Another common mistake when it comes to tapering: athletes and coaches often expect miracles. It’s a misconception you’ll feel absolutely fantastic immediately after starting a taper, which can lead to disappointment if you feel anything less than perfect.
Athletes can feel lethargic and restless during a taper–that’s OK. Be aware this may happen, and trust you’re reaping the benefits of the rest days even if you may feel lousy.
For most endurance sports, it’s reasonable to expect improvements anywhere from 1% - 6% with the average around 2% - 3%. This is substantial. If your goal race is a half marathon, a 2% improvement could mean minutes shaved off of a personal record.
If you need further convincing that percentages matter, note that the difference between the gold medalist and fourth place in swimming at the 2000 Sydney Olympics was 1.6%, far lower than the improvement seen after most tapering studies.
When tapering, it’s important to remember no two athletes will respond identically.
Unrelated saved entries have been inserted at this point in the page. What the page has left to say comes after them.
Lemma supp_nfilter : (0 < n)%N -> nfilter n (supp g).
Proof.
move=> n_gt0; split.
  move=> x y xy; rewrite !inE; apply: contraNN; rewrite -!subset0.
  exact/subset_trans/set_lattice_hom_homo.
move=> X /set0Pn[x0 x0X] _ meetY; exists x0 => //.
rewrite inE set_lattice_hom_bigmeet //; apply: contraT; rewrite negbK => /eqP capX0.
(* if no coordinate is common to all of X, n witnesses already kill every one *)
have /fin_all_exists[xs xsP] j : exists x, (x \in X) && (j \notin g x).
  apply/existsP; apply: contraT => /existsPn jX.
  by rewrite -(in_set0 j) -capX0; apply/bigcapP => x xX; move: (jX x); rewrite xX negbK.
pose Y := [set xs j | j : 'I_n].
have Y0 : Y != set0 by apply/set0Pn; exists (xs (Ordinal n_gt0)); apply: imset_f.
have YX : Y \subset X by apply/subsetP => _ /imsetP[j _ ->]; case/andP: (xsP j).
have Yn : (#|Y| <= n)%N by rewrite (leq_trans (leq_imset_card _ _)) ?card_ord.
have [y0 y0Y] := meetY Y Y0 YX Yn.
rewrite inE set_lattice_hom_bigmeet // => /set0Pn[j /bigcapP jY].
by case/andP: (xsP j) => _; rewrite jY ?imset_f.
Qed.

Lemma supp_prime (I : finType) (i0 : I) (Fs : I -> {set L}) :
  (forall i, upset (Fs i)) -> \bigcap_i Fs i \subset supp g ->
  exists i, Fs i \subset supp g.
Proof.
move=> Fs_up capF; apply/existsP; apply: contraT => /existsPn noFs.
have /fin_all_exists[xs xsP] i : exists x, (x \in Fs i) && (x \notin supp g).
  by case/subsetPn: (noFs i) => x xF xg; exists x; rewrite xF.
(* the join of the witnesses lies in every Fs i, yet g maps it to the empty set *)
pose z := \big[Order.join/xs i0]_i xs i.
have : z \in supp g.
  apply/(subsetP capF)/bigcapP => i _.
  by case/andP: (xsP i) => xF _; apply: (Fs_up _ _ _ _ xF); apply: big_join_ge.
suff /eqP gz0 : g z == set0 by rewrite inE gz0 eqxx.
apply: (big_ind (fun c => g c == set0)).
- by case/andP: (xsP i0); rewrite inE negbK.
- by move=> a b /eqP ga /eqP gb; rewrite g_hom.2 ga gb setU0.
- by move=> i _; case/andP: (xsP i); rewrite inE negbK.
Qed.

End SetLatticeHom.

Lemma meet_prime_set_lattice_hom n (s : 'I_n -> L) : (forall j, meet_prime (s j)) ->
  set_lattice_hom (fun z => [set j | ~~ (z <= s j)]).
Proof.
move=> s_prime; split=> a b; apply/setP => j; rewrite !inE.
  by rewrite (meet_prime_leI _ _ (s_prime j)) negb_or.
by rewrite leUx negb_and.
Qed.

Lemma nfilter_separation n F x : (0 < n)%N -> nfilter n F -> x \notin F ->
  exists g : L -> {set 'I_n}, [/\ set_lattice_hom g, F \subset supp g & x \notin supp g].
Proof.
move=> n_gt0 F_filter xF; have Fup := F_filter.1.
have [->|[f fF]] := set_0Vmem F.
  exists (fun=> set0); rewrite sub0set inE eqxx; split=> //.
  exact: set_lattice_hom_const.
pose M := [set y | (x <= y) && meet_prime y].
have [y1 [xy1 prime1 _]] : exists y, [/\ x <= y, meet_prime y & ~~ (f <= y)].
  by apply: meet_prime_separation; apply: contra xF => fx; apply: Fup fx fF.
have y1M : y1 \in M by rewrite inE xy1 prime1.
have meetMF : bigmeet_from y1 M \notin F.
  by apply: contra xF; apply: Fup; apply: bigmeet_meet_primes_le.
have [Y [y0 [y0Y YM Yn meetYF]]] := nfilter_small_meet n_gt0 F_filter y1M meetMF.
have [|s sY] := ord_imset_onto _ Yn; first by apply/set0Pn; exists y0.
have sM j : s j \in M by apply/(subsetP YM); rewrite -sY imset_f.
exists (fun z => [set j | ~~ (z <= s j)]); split.
- by apply: meet_prime_set_lattice_hom => j; case/setIdP: (sM j).
- apply/subsetP => f' f'F; rewrite inE; apply: contraNT meetYF.
  rewrite negbK => /eqP f'0.
  apply: Fup f'F; apply: le_bigmeet_from => // y; rewrite -sY => /imsetP[j _ ->].
  by apply: contraT => f'j; rewrite -(in_set0 j) -f'0 inE f'j.
- rewrite inE negbK; apply/eqP/setP => j; rewrite !inE.
  by case/setIdP: (sM j) => ->.
Qed.
Lemma Tmodule_sub (S : 'M[CC]_n) : (forall U, irreducible U -> (U <= S)%MS) ->
  forall U, Tmodule U -> (U <= S)%MS.
Proof.
move=> hS U; have [k] := ubnP (\rank U); elim: k U => // k IH U ltUk hU.
have [->|Unz] := eqVneq U 0; first exact: sub0mx.
have [Uirr|Ured] := classic (irreducible U); first exact: hS.
have [U1 [U2 [hU1 hU2 ltU1 ltU2 sUU12]]] := reducible_Tmodule_split hU Unz Ured.
apply: submx_trans sUU12 _; rewrite addsmx_sub.
by rewrite !IH // -ltnS (leq_trans _ ltUk).
Qed.

Lemma eq0_of_irreducible_annihilator (K : 'M[CC]_n) :
  (forall U, irreducible U -> forall z, inW U z -> K *m z = 0) -> K = 0.
Proof.
move=> hK; apply: trmx_inj; rewrite trmx0 -[K^T]mul1mx; apply/sub_kermxP.
apply: Tmodule_sub => [U hU|M _]; last exact: submx1.
apply/row_subP => i; apply/sub_kermxP.
by rewrite -[row i U]trmxK -trmx_mul (hK U) ?trmx0 // /inW trmxK row_sub.
Qed.

End Semisimplicity.

Definition scalar_on n (U X : 'M[CC]_n) (s : CC) : Prop :=
  forall z, inW U z -> X *m z = s *: z.

Section ScalarAction.
Variables (n : nat) (U : 'M[CC]_n).

Lemma scalar_onD X Y s t :
  scalar_on U X s -> scalar_on U Y t -> scalar_on U (X + Y) (s + t).
Proof. by move=> hX hY z hz; rewrite mulmxDl hX // hY // scalerDl. Qed.

Lemma scalar_onM X Y s t :
  scalar_on U X s -> scalar_on U Y t -> scalar_on U (X *m Y) (s * t).
Proof. by move=> hX hY z hz; rewrite -mulmxA hY // -scalemxAr hX // scalerA mulrC. Qed.

Lemma scalar_onZ X k s : scalar_on U X s -> scalar_on U (k *: X) (k * s).
Proof. by move=> hX z hz; rewrite -scalemxAl hX // scalerA. Qed.

Lemma scalar_onV X s :
  X \in unitmx -> s != 0 -> scalar_on U X s -> scalar_on U (invmx X) s^-1.
Proof.
move=> Xu s0 hX z hz.
by rewrite -{1}[z](scale1r z) -(mulVf s0) -scalerA -hX // -scalemxAr mulKmx.
Qed.

Lemma scalar_on_addV X s : X \in unitmx -> s != 0 -> scalar_on U X s ->
  scalar_on U (X + invmx X) (s + s^-1).
Proof. by move=> Xu s0 hX; apply/scalar_onD/scalar_onV. Qed.
End ScalarAction.

Section ScalarOnIrreducibles.
Variable n : nat.
Variables (A As : 'M[CC]_n).
Local Notation inT := (inT A As).
Local Notation irreducible := (irreducible A As).
Hypothesis inT_trmxC : forall M, inT M -> inT (M ^t*).

Definition irr_scalar_unit (X : 'M[CC]_n) : Prop :=
  forall U, irreducible U -> exists2 s, s != 0 & scalar_on U X s.

Lemma irr_scalar_unitmx X : irr_scalar_unit X -> X \in unitmx.
Proof.
move=> hX; rewrite -row_free_unit -kermx_eq0; apply/eqP.
apply: (eq0_of_irreducible_annihilator inT_trmxC) => U hU z hz.
have [s s0 hXs] := hX U hU.
rewrite -[z](scale1r z) -(mulVf s0) -scalerA -hXs // -scalemxAr.
by rewrite mulmxA mulmx_ker mul0mx scaler0.
Qed.

Lemma scalar_on_addV_combination k P Q R S :
  irr_scalar_unit P -> irr_scalar_unit Q -> irr_scalar_unit R -> irr_scalar_unit S ->
  forall U, irreducible U -> exists s, scalar_on U
    (k *: ((P + invmx P) *m (Q + invmx Q) + (R + invmx R) *m (S + invmx S))) s.
Proof.
move=> hP hQ hR hS U hU.
have [p p0 hPp] := hP U hU; have [q q0 hQq] := hQ U hU.
have [r r0 hRr] := hR U hU; have [t t0 hSt] := hS U hU.
exists (k * ((p + p^-1) * (q + q^-1) + (r + r^-1) * (t + t^-1))).
by apply/scalar_onZ/scalar_onD; apply: scalar_onM;
  apply: scalar_on_addV; rewrite ?irr_scalar_unitmx.
Qed.

Lemma central_of_irr_scalar X : inT X ->
  (forall U, irreducible U -> exists s, scalar_on U X s) -> central_in_T A As X.
Proof.
move=> hX hXs; split => // N hN; apply/eqP; rewrite -subr_eq0; apply/eqP.
apply: (eq0_of_irreducible_annihilator inT_trmxC) => U hU z hz.
have [s hXU] := hXs U hU.
have hNz : inW U (N *m z).
  case: hU => hUmod _ _; rewrite /inW trmx_mul.
  exact: submx_trans (submxMr _ hz) (hUmod _ hN).
by rewrite mulmxBl -!mulmxA !hXU // -scalemxAr subrr.
Qed.

End ScalarOnIrreducibles.

Lemma poly_interpolation (F : fieldType) (f : F -> F) (s : seq F) :
  exists p : {poly F}, {in s, forall x, p.[x] = f x}.
Proof.
elim: s => [|y s [p hp]]; first by exists 0.
have [ys|ys] := boolP (y \in s).
  by exists p => x; rewrite inE => /predU1P [->|]; apply: hp.
pose g := \prod_(z <- s) ('X - z%:P).
have gy : g.[y] != 0 by rewrite -rootE root_prod_XsubC.
exists (p + ((f y - p.[y]) / g.[y]) *: g) => x.
rewrite inE hornerD hornerZ => /predU1P [->|xs]; first by rewrite divfK // addrC subrK.
have /rootP -> : root g x by rewrite root_prod_XsubC.
by rewrite mulr0 addr0 hp.
Qed.

Lemma inT_diag_map n (A : 'M[CC]_n) (r : 'rV[CC]_n) (f : CC -> CC) :
  inT A (diag_mx r) (diag_mx (map_mx f r)).
Proof.
have [p hp] := poly_interpolation f [seq r 0 z | z : 'I_n].
have Tword_diag i :
    Tword A (diag_mx r) (nseq i false) = diag_mx (map_mx (fun x : CC => x ^+ i) r).
  elim: i => [|i IH] /=; first by apply/matrixP => y z; rewrite !mxE expr0.
  rewrite IH mul_diag_mx; apply/matrixP => y z; rewrite !mxE exprS.
  by case: (y == z); rewrite ?mulr1n ?mulr0n ?mulr0.
have -> : diag_mx (map_mx f r) =
    \sum_(i < size p) p`_i *: Tword A (diag_mx r) (nseq i false).
  apply/matrixP => y z; rewrite summxE !mxE.
  have [->|ne] := eqVneq y z; last first.
    by rewrite mulr0n big1 // => i _; rewrite Tword_diag !mxE (negbTE ne) mulr0n mulr0.
  rewrite -hp ?map_f ?mem_enum // horner_coef mulr1n.
  by apply: eq_bigr => i _; rewrite Tword_diag !mxE eqxx mulr1n.
by apply: inT_sum => i; apply/inTZ/inT_Tword.
Qed.

Lemma inT_adjmx_trmxC n (adj : rel 'I_n) (x : 'I_n) (E1 : 'M[CC]_n) :
  symmetric adj -> let A := adjmx adj in let As := dual_adjmx x E1 in
  forall M, inT A As M -> inT A As (M ^t*).
Proof.
move=> adj_sym A As; apply: inT_trmxC; last first.
  by rewrite /As /dual_adjmx tr_diag_mx map_diag_mx; apply: inT_diag_map.
suff -> : A ^t* = A by apply: inT_A.
by apply/matrixP => i j; rewrite !mxE conjC_nat adj_sym.
Qed.

Lemma neq0_of_sqr_eq_div (F : fieldType) (c s t : F) :
  c ^+ 2 = s / t -> s != 0 -> t != 0 -> c != 0.
Proof.
move=> hc s0 t0; apply: contra_neq (mulf_neq0 s0 (invr_neq0 t0)) => c0.
by rewrite -hc c0 expr0n.
Qed.

Lemma neq0_of_reciprocal_root (F : fieldType) (c k : F) :
  c ^+ 2 - k * c + 1 = 0 -> c != 0.
Proof.
move=> hc; apply: contra_neq (oner_neq0 F) => c0.
by rewrite -hc c0 expr0n mulr0 subr0 add0r.
Qed.

Local Close Scope sesquilinear_scope.

Theorem theorem5p13
  (n : nat) (adj : rel 'I_n) (x : 'I_n) (D : nat) (E : nat -> 'M[CC]_n)
  (q w u v ws us vs a b : CC)
  (ba bb bc bL bC : 'M[CC]_n) :
  (* distance-regular graph of diameter D >= 3 *)
  simple_graph adj -> connected_graph adj -> distance_regular adj ->
  diameter adj = D -> (3 <= D)%N ->
  (* E_0 = |X|^-1 J, E_1, ..., E_D primitive idempotents, Q-polynomial ordering *)
  primitive_idempotents adj D E -> Q_polynomial D E ->
  (* q nonzero, q^4 <> 1 *)
  q != 0 -> q ^+ 4 != 1 ->
  (* q-Racah type *)
  u != 0 -> us != 0 -> v != 0 -> vs != 0 ->
  adjmx adj = \sum_(i < D.+1)
      (w + u * q ^ ((2 * i)%N%:Z - D%:Z) + v * q ^ (D%:Z - (2 * i)%N%:Z)) *: E i ->
  dual_adjmx x (E 1%N) = \sum_(i < D.+1)
      (ws + us * q ^ ((2 * i)%N%:Z - D%:Z) + vs * q ^ (D%:Z - (2 * i)%N%:Z))
        *: dual_idem adj x i ->
  a ^+ 2 = u / v -> b ^+ 2 = us / vs ->
  let A := adjmx adj in
  let As := dual_adjmx x (E 1%N) in
  let Es := dual_idem adj x in
  let bA := normalize A w (a * v) in
  let bB := normalize As ws (b * vs) in
  (* every irreducible T-module is thin *)
  (forall U, irreducible A As U -> thin Es U) ->
  (* bold a = sum_psi a(psi) e_psi : acts on each irreducible W as a(W) *)
  (forall U, irreducible A As U -> forall z, inW U z ->
     ba *m z = aW D E Es q a U *: z) ->
  (* bold b = sum_psi b(psi) e_psi *)
  (forall U, irreducible A As U -> forall z, inW U z ->
     bb *m z = bW D Es q b U *: z) ->
  (* bold c = sum_psi c(psi) e_psi, c(psi) a root of xi^2 - kappa xi + 1 *)
  (forall U, irreducible A As U -> exists2 c : CC,
     c ^+ 2 - kappa D E Es q a b bA U * c + 1 = 0 &
     forall z, inW U z -> bc *m z = c *: z) ->
  (* Lambda = sum_psi q^{d(psi)+1} e_psi *)
  (forall U, irreducible A As U -> forall z, inW U z ->
     bL *m z = q ^+ (mod_diameter D Es U).+1 *: z) ->
  (* bold C in T satisfying the three equations *)
  inT A As bC ->
  bA + (q ^+ 2 - q ^- 2)^-1 *: (q *: (bB *m bC) - q^-1 *: (bC *m bB)) =
    (q + q^-1)^-1 *: ((ba + invmx ba) *m (bL + invmx bL)
                      + (bb + invmx bb) *m (bc + invmx bc)) ->
  bB + (q ^+ 2 - q ^- 2)^-1 *: (q *: (bC *m bA) - q^-1 *: (bA *m bC)) =
    (q + q^-1)^-1 *: ((bb + invmx bb) *m (bL + invmx bL)
                      + (bc + invmx bc) *m (ba + invmx ba)) ->
  bC + (q ^+ 2 - q ^- 2)^-1 *: (q *: (bA *m bB) - q^-1 *: (bB *m bA)) =
    (q + q^-1)^-1 *: ((bc + invmx bc) *m (bL + invmx bL)
                      + (ba + invmx ba) *m (bb + invmx bb)) ->
  [/\ central_in_T A As
        (bA + (q ^+ 2 - q ^- 2)^-1 *: (q *: (bB *m bC) - q^-1 *: (bC *m bB))),
      central_in_T A As
        (bB + (q ^+ 2 - q ^- 2)^-1 *: (q *: (bC *m bA) - q^-1 *: (bA *m bC)))
    & central_in_T A As
        (bC + (q ^+ 2 - q ^- 2)^-1 *: (q *: (bA *m bB) - q^-1 *: (bB *m bA)))].
Proof.
move=> graph _ _ _ _ _ _ q0 _ u0 us0 v0 vs0 _ _ ha hb A As Es bA bB _
  hba hbb hbc hbL hC eqA eqB eqC.
have inT_trmxC := @inT_adjmx_trmxC n adj x (E 1%N) (proj1 graph).
have qz (z : int) : q ^ z != 0 by rewrite expfz_eq0 (negbTE q0) andbF.
have unit_ba : irr_scalar_unit A As ba.
  move=> U hU; exists (aW D E Es q a U); last exact: hba.
  by rewrite mulf_neq0 ?(neq0_of_sqr_eq_div ha).
have unit_bb : irr_scalar_unit A As bb.
  move=> U hU; exists (bW D Es q b U); last exact: hbb.
  by rewrite mulf_neq0 ?(neq0_of_sqr_eq_div hb).
have unit_bc : irr_scalar_unit A As bc.
  by move=> U hU; have [c /neq0_of_reciprocal_root c0 hbcU] := hbc U hU; exists c.
have unit_bL : irr_scalar_unit A As bL.
  move=> U hU; exists (q ^+ (mod_diameter D Es U).+1); last exact: hbL.
  exact: expf_neq0.
have inT_bA : inT A As bA by apply/inT_normalize/inT_A.
have inT_bB : inT A As bB by apply/inT_normalize/inT_As.
split; apply: (central_of_irr_scalar inT_trmxC); try exact: inT_add_qcommutator.
- by rewrite eqA; apply: scalar_on_addV_combination.
- by rewrite eqB; apply: scalar_on_addV_combination.
- by rewrite eqC; apply: scalar_on_addV_combination.
Qed.
(* Let $V$ be a real vector space of finite even dimension $n>2$ with a quadratic form $Q$ of anti-Lorentz signature $(1,n-1)$, and let $\rho$ be a $c$-compatible irreducible representation of $\mathbb{C}l(V)$ on a finite-dimensional complex vector space $K$ with nondegenerate hermitian form $(\cdot,\cdot)$, with chirality operator $\chi$. Let $u,v\in V$. Then the operator $\rho(u)+\chi\rho(v)$ is Krein-positive iff $u+v$ and $u-v$ are both timelike and future-directed.
   Context: $Cl(V,Q)$ is the real Clifford algebra with $v^2=+Q(v)$, $\mathbb{C}l(V)$ its complexification with complex conjugation $c$, $T$ the linear antiautomorphism restricting to the identity on $V$, $a^\times=c(T(a))$. $\rho$ is $c$-compatible if $(\rho(a)\psi,\phi)=(\psi,\rho(a^\times)\phi)$. A vector $v$ is timelike if $Q(v)>0$. The chirality operator is $\chi=(-i)^{n/2+q}\rho(\omega)$ with $q=n-1$ and $\omega=e_1\cdots e_n$ the volume element of a pseudo-orthonormal basis. An operator $A$ on $K$ is Krein-positive if $(\psi,A\psi)>0$ for all nonzero $\psi\in K$. The time orientation is fixed compatibly with the Krein product: a timelike vector $e$ is future-directed iff $\rho(e)$ is Krein-positive. *)

From HB Require Import structures.
From mathcomp Require Import all_boot all_order all_algebra.
From mathcomp Require Import reals complex.
Set Implicit Arguments. Unset Strict Implicit. Unset Printing Implicit Defensive.
Import Order.TTheory GRing.Theory Num.Theory.
Local Open Scope ring_scope.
Finding the sweet spot of volume, intensity, frequency, and taper duration result in the greatest performance on race day.
The importance of routine cannot be understated. Some athletes will do just fine continuing training rituals with only a slight reduction in volume or frequency while others may improve by dramatically cutting volume.
Find a strategy that works, and experiment with a tapering strategy that leaves you fresh, fit, and ready to achieve peak performance for you upcoming goal race.